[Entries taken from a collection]
------------------------------------

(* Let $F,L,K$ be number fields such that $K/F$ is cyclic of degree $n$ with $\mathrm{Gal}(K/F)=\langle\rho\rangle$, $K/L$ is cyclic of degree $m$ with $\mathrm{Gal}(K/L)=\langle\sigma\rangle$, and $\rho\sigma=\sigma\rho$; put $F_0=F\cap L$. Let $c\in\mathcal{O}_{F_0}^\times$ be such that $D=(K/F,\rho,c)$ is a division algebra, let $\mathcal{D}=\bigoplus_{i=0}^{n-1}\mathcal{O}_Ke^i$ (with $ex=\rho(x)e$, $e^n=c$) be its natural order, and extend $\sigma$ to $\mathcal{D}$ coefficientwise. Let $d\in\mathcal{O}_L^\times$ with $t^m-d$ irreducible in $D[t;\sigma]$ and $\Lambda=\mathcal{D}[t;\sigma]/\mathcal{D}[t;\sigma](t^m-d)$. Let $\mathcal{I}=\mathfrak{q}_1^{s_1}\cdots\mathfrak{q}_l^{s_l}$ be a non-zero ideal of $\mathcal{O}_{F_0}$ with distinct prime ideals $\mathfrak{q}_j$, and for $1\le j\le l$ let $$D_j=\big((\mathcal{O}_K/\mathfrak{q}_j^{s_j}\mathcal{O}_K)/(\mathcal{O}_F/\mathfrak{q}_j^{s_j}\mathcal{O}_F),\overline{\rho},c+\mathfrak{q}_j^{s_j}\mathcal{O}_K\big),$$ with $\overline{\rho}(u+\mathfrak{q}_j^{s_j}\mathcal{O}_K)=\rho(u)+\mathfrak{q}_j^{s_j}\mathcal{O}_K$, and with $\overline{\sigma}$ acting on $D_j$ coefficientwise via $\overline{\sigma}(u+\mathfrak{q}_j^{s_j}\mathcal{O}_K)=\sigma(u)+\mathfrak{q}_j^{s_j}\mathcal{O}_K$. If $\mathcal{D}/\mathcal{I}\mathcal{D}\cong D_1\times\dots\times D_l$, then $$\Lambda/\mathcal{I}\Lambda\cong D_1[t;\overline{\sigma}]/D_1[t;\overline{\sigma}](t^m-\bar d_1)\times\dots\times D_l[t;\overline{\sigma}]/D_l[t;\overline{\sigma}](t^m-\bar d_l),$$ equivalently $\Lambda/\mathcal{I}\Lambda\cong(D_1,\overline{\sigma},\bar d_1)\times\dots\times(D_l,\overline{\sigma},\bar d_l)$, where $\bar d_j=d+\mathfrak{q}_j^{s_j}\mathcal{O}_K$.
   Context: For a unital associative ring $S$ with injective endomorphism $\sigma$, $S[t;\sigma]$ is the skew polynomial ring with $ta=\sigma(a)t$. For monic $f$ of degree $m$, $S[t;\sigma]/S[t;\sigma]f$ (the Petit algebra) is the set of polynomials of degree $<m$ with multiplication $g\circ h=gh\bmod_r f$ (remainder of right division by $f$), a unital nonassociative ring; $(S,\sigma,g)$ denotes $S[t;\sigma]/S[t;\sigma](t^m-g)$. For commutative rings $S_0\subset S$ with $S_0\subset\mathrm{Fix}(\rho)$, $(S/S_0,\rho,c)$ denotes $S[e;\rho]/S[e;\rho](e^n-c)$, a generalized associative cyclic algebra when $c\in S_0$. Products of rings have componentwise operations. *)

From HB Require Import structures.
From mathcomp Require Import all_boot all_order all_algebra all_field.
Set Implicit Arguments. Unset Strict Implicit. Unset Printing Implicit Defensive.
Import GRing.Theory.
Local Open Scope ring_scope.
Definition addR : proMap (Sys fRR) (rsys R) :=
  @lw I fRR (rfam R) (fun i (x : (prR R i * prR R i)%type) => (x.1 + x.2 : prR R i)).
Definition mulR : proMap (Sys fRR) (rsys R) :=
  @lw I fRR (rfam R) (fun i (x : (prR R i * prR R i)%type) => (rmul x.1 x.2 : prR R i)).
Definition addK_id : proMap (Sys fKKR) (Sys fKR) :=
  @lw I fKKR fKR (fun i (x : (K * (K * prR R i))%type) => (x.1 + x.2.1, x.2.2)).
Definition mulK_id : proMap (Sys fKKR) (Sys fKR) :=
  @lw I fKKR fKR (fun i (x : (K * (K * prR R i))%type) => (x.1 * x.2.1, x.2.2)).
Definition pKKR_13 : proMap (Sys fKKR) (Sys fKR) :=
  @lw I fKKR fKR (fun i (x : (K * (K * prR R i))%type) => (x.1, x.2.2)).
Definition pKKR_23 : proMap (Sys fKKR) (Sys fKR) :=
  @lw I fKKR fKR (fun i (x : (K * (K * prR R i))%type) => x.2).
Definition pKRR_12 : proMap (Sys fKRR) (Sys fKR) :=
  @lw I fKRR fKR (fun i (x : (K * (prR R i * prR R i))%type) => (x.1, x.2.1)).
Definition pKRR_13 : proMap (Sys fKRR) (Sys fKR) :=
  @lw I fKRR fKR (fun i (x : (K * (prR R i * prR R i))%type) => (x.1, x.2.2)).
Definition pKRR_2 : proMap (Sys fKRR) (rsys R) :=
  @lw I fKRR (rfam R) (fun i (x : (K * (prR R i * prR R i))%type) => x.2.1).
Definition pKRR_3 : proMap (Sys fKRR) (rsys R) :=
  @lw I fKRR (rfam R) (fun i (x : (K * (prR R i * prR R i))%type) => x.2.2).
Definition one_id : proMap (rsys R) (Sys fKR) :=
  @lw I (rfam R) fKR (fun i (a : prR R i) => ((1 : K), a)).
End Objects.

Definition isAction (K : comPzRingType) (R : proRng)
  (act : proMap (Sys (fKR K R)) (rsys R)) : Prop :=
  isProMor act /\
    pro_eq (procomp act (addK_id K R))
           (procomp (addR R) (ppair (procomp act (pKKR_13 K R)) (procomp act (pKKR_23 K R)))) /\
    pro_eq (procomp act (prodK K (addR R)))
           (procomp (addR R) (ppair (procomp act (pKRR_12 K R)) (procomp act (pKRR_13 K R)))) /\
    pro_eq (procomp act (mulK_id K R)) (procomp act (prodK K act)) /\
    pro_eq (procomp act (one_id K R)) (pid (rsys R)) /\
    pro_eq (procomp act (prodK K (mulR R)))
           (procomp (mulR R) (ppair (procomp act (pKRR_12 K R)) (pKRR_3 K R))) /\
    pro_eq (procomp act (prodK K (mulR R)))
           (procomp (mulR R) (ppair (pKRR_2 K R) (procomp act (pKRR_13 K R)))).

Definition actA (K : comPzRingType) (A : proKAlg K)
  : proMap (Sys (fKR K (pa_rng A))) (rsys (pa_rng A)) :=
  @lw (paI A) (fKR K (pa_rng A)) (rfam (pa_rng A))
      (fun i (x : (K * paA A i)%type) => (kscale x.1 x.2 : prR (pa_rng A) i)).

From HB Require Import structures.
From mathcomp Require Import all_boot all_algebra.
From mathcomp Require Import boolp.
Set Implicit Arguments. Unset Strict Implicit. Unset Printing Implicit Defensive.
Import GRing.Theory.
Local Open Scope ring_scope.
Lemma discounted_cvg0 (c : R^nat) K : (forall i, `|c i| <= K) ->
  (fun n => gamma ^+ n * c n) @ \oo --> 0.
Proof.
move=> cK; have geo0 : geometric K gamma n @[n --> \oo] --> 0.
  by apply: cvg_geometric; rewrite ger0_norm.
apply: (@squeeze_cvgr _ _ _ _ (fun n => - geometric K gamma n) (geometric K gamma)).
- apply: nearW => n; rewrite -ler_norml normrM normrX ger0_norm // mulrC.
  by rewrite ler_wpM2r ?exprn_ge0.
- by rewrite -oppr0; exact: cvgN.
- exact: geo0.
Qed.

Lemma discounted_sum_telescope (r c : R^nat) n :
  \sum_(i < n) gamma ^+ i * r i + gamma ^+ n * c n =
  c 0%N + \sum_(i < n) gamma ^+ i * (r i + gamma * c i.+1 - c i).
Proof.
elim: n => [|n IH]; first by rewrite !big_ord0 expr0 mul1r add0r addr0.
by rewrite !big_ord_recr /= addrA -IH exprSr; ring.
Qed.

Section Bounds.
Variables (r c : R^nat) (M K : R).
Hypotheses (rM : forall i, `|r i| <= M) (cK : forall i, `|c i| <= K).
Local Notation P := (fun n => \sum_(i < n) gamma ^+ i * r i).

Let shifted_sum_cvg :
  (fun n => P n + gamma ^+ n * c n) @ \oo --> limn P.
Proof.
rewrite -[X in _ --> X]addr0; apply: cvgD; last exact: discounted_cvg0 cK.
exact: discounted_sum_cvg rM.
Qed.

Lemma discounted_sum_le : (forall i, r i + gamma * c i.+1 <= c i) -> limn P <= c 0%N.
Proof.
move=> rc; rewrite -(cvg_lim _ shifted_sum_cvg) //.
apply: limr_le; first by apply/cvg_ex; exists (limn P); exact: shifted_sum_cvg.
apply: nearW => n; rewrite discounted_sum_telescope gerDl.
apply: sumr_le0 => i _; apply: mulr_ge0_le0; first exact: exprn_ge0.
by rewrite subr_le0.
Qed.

------------------------------------

*What this task involves*
Please copy the lines in the records above between the one holding "(x.1 + x.2.1, x.2.2))." and the one holding "End Objects.", inclusive, exactly and with no other line.

*Output*
  @lw I fKKR fKR (fun i (x : (K * (K * prR R i))%type) => (x.1 + x.2.1, x.2.2)).
Definition mulK_id : proMap (Sys fKKR) (Sys fKR) :=
  @lw I fKKR fKR (fun i (x : (K * (K * prR R i))%type) => (x.1 * x.2.1, x.2.2)).
Definition pKKR_13 : proMap (Sys fKKR) (Sys fKR) :=
  @lw I fKKR fKR (fun i (x : (K * (K * prR R i))%type) => (x.1, x.2.2)).
Definition pKKR_23 : proMap (Sys fKKR) (Sys fKR) :=
  @lw I fKKR fKR (fun i (x : (K * (K * prR R i))%type) => x.2).
Definition pKRR_12 : proMap (Sys fKRR) (Sys fKR) :=
  @lw I fKRR fKR (fun i (x : (K * (prR R i * prR R i))%type) => (x.1, x.2.1)).
Definition pKRR_13 : proMap (Sys fKRR) (Sys fKR) :=
  @lw I fKRR fKR (fun i (x : (K * (prR R i * prR R i))%type) => (x.1, x.2.2)).
Definition pKRR_2 : proMap (Sys fKRR) (rsys R) :=
  @lw I fKRR (rfam R) (fun i (x : (K * (prR R i * prR R i))%type) => x.2.1).
Definition pKRR_3 : proMap (Sys fKRR) (rsys R) :=
  @lw I fKRR (rfam R) (fun i (x : (K * (prR R i * prR R i))%type) => x.2.2).
Definition one_id : proMap (rsys R) (Sys fKR) :=
  @lw I (rfam R) fKR (fun i (a : prR R i) => ((1 : K), a)).
End Objects.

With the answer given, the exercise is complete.